Output verbatim the lines beginning at the one that contains "ereal_sup [set ((n" and ending at the last line of the material, inclusive of both.

....................

(* Let $(X,\mathsf{d}_X)$ be a compact metric space, $\mathfrak{A}$ a unital C*-algebra, and $\varphi$ a state of $C(X,\mathfrak{A})$. Let $\|\cdot\|_{\mathsf{n}}$ be a norm on $\mathfrak{A}$ (over $\mathbb{R}$ or $\mathbb{C}$) with $M,N>0$ such that $M\|\cdot\|_{\mathsf{n}}\le\|\cdot\|_{\mathfrak{A}}\le N\|\cdot\|_{\mathsf{n}}$. Let $\mathcal{S}$ denote the state space of $C(X,\mathfrak{A})$. Then: (1)(a) if $q=C(X)$, then $\sup_{\mu,\nu\in\mathcal{S}}\mathrm{mk}_{\mathsf{L}^{(\mathsf{n}),q}_{\mathsf{d}_X}}(\mu,\nu)\le 2+N\cdot\mathrm{diam}(X,\mathsf{d}_X)$; (1)(b) if $q=C(X)$ and $\mathfrak{A}=\mathbb{C}$, then $\sup_{\mu,\nu\in\mathcal{S}}\mathrm{mk}_{\mathsf{L}^{(\mathsf{n}),q}_{\mathsf{d}_X}}(\mu,\nu)\le N\cdot\mathrm{diam}(X,\mathsf{d}_X)$; (2) if $q=\mathbb{C}$ or $q=\varphi$, then $\sup_{\mu,\nu\in\mathcal{S}}\mathrm{mk}_{\mathsf{L}^{(\mathsf{n}),q}_{\mathsf{d}_X}}(\mu,\nu)\le 2$.
   Context: $C(X,\mathfrak{A})$ is the unital C*-algebra of continuous $\mathfrak{A}$-valued functions on $X$ (pointwise operations, supremum norm, unit constant $1_{\mathfrak{A}}$); $C(X,\mathbb{C}1_{\mathfrak{A}})$ is the subalgebra of functions with values in $\mathbb{C}1_{\mathfrak{A}}$. For $a\in C(X,\mathfrak{A})$, $l^{(\mathsf{n})}_{\mathsf{d}_X}(a)=\sup_{x\ne y}\|a(x)-a(y)\|_{\mathsf{n}}/\mathsf{d}_X(x,y)$; $\mathsf{L}^{(\mathsf{n}),C(X)}_{\mathsf{d}_X}(a)=\max\{l^{(\mathsf{n})}_{\mathsf{d}_X}(a),\inf_{b\in C(X,\mathbb{C}1_{\mathfrak{A}})}\|a-b\|\}$, $\mathsf{L}^{(\mathsf{n}),\mathbb{C}}_{\mathsf{d}_X}(a)=\max\{l^{(\mathsf{n})}_{\mathsf{d}_X}(a),\inf_{\lambda\in\mathbb{C}}\|a-\lambda1\|\}$, $\mathsf{L}^{(\mathsf{n}),\varphi}_{\mathsf{d}_X}(a)=\max\{l^{(\mathsf{n})}_{\mathsf{d}_X}(a),\|a-\varphi(a)1\|\}$ (supremum norms). For a seminorm $\mathsf{L}$ and states $\mu,\nu$, $\mathrm{mk}_{\mathsf{L}}(\mu,\nu)=\sup\{|\mu(a)-\nu(a)|: a=a^*,\ \mathsf{L}(a)\le1\}$. $\mathrm{diam}(X,\mathsf{d}_X)=\sup_{x,y}\mathsf{d}_X(x,y)$. *)

From HB Require Import structures.
From mathcomp Require Import all_boot all_order all_algebra.
From mathcomp Require Import complex.
From mathcomp Require Import all_classical all_reals.
From mathcomp Require Import ereal.
Import Order.TTheory GRing.Theory Num.Theory.
Set Implicit Arguments. Unset Strict Implicit. Unset Printing Implicit Defensive.
Local Open Scope ring_scope.
Local Open Scope classical_set_scope.

Definition cabs (R : realType) (z : R[i]) : R := Normc.normc z.
Definition rC (R : realType) (r : R) : R[i] := real_complex R r.

Definition is_unital_Cstar (R : realType) (A : algType R[i])
  (star : A -> A) (nrm : A -> R) : Prop :=
  [/\
      [/\ (forall a, nrm a = 0 -> a = 0),
      (forall (z : R[i]) a, nrm (z *: a) = cabs z * nrm a),
      (forall a b, nrm (a + b) <= nrm a + nrm b) &
      (forall a b, nrm (a * b) <= nrm a * nrm b)],
      [/\ forall a b, star (a + b) = star a + star b,
          forall (z : R[i]) a, star (z *: a) = z^* *: star a,
          forall a b, star (a * b) = star b * star a &
          forall a, star (star a) = a],
      (forall a, nrm (star a * a) = nrm a ^+ 2) &
      (forall u : nat -> A,
        (forall e : R, 0 < e -> exists N : nat, forall m n : nat,
             (N <= m)%N -> (N <= n)%N -> nrm (u m - u n) < e) ->
        exists l : A, forall e : R, 0 < e -> exists N : nat, forall n : nat,
             (N <= n)%N -> nrm (u n - l) < e)].

(* A norm on A viewed as a real vector space (a complex norm is in particular such a norm). *)
Definition is_real_norm (R : realType) (A : algType R[i]) (n : A -> R) : Prop :=
  [/\ forall a, n a = 0 -> a = 0,
      forall (r : R) a, n (rC r *: a) = `|r| * n a &
      forall a b, n (a + b) <= n a + n b].

Definition is_metric (R : realType) (X : Type) (d : X -> X -> R) : Prop :=
  [/\ forall x y, d x y = 0 <-> x = y,
      forall x y, d x y = d y x &
      forall x y z, d x z <= d x y + d y z].

Definition d_open (R : realType) (X : Type) (d : X -> X -> R) (U : set X) : Prop :=
  forall x, U x -> exists2 e : R, 0 < e & forall y, d x y < e -> U y.

Definition d_compact (R : realType) (X : Type) (d : X -> X -> R) : Prop :=
  forall (I : Type) (U : I -> set X),
    (forall i, d_open d (U i)) -> (forall x, exists i, U i x) ->
    exists (k : nat) (f : 'I_k -> I), forall x, exists j, U (f j) x.

Definition diam (R : realType) (X : Type) (d : X -> X -> R) : R :=
  sup [set d p.1 p.2 | p in [set: X * X]].

Section CXA.
Variables (R : realType) (X : Type) (d : X -> X -> R) (A : algType R[i])
  (star : A -> A) (nrm : A -> R).

Definition cont (a : X -> A) : Prop :=
  forall x (e : R), 0 < e -> exists2 del : R, 0 < del &
    forall y, d x y < del -> nrm (a x - a y) < e.

Definition supnorm (a : X -> A) : R := sup [set nrm (a x) | x in [set: X]].

Definition selfadj (a : X -> A) : Prop := forall x, star (a x) = a x.

Definition is_state (phi : (X -> A) -> R[i]) : Prop :=
  [/\ forall (z : R[i]) (f g : X -> A), cont f -> cont g ->
        phi (fun x => z *: f x + g x) = z * phi f + phi g,
      forall f : X -> A, cont f -> 0 <= phi (fun x => star (f x) * f x) &
      phi (fun _ => 1) = 1].

Definition lipn (n : A -> R) (a : X -> A) : \bar R :=
  ereal_sup [set ((n (a p.1 - a p.2)) / d p.1 p.2)%:E | p in [set p : X * X | p.1 <> p.2]].

Definition L_CX (n : A -> R) (a : X -> A) : \bar R :=
  maxe (lipn n a)
    (inf [set supnorm (fun x => a x - b x) |
          b in [set b : X -> A | cont b /\ forall x, exists z : R[i], b x = z *: 1]])%:E.

Definition L_C (n : A -> R) (a : X -> A) : \bar R :=
  maxe (lipn n a)
    (inf [set supnorm (fun x => a x - lam *: 1) | lam in [set: R[i]]])%:E.

Definition L_phi (phi : (X -> A) -> R[i]) (n : A -> R) (a : X -> A) : \bar R :=
  maxe (lipn n a) (supnorm (fun x => a x - phi a *: 1))%:E.

Definition mk (L : (X -> A) -> \bar R) (mu nu : (X -> A) -> R[i]) : \bar R :=
  ereal_sup [set (cabs (mu a - nu a))%:E |
             a in [set a : X -> A | [/\ cont a, selfadj a & (L a <= 1%:E)%E]]].

End CXA.

Definition starC (R : realType) (z : R[i]^o) : R[i]^o := (z : R[i])^*.
Definition absC (R : realType) (z : R[i]^o) : R := cabs (z : R[i]).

....................

▶ [Written reply]
  ereal_sup [set ((n (a p.1 - a p.2)) / d p.1 p.2)%:E | p in [set p : X * X | p.1 <> p.2]].

Definition L_CX (n : A -> R) (a : X -> A) : \bar R :=
  maxe (lipn n a)
    (inf [set supnorm (fun x => a x - b x) |
          b in [set b : X -> A | cont b /\ forall x, exists z : R[i], b x = z *: 1]])%:E.

Definition L_C (n : A -> R) (a : X -> A) : \bar R :=
  maxe (lipn n a)
    (inf [set supnorm (fun x => a x - lam *: 1) | lam in [set: R[i]]])%:E.

Definition L_phi (phi : (X -> A) -> R[i]) (n : A -> R) (a : X -> A) : \bar R :=
  maxe (lipn n a) (supnorm (fun x => a x - phi a *: 1))%:E.

Definition mk (L : (X -> A) -> \bar R) (mu nu : (X -> A) -> R[i]) : \bar R :=
  ereal_sup [set (cabs (mu a - nu a))%:E |
             a in [set a : X -> A | [/\ cont a, selfadj a & (L a <= 1%:E)%E]]].

End CXA.

Definition starC (R : realType) (z : R[i]^o) : R[i]^o := (z : R[i])^*.
Definition absC (R : realType) (z : R[i]^o) : R := cabs (z : R[i]).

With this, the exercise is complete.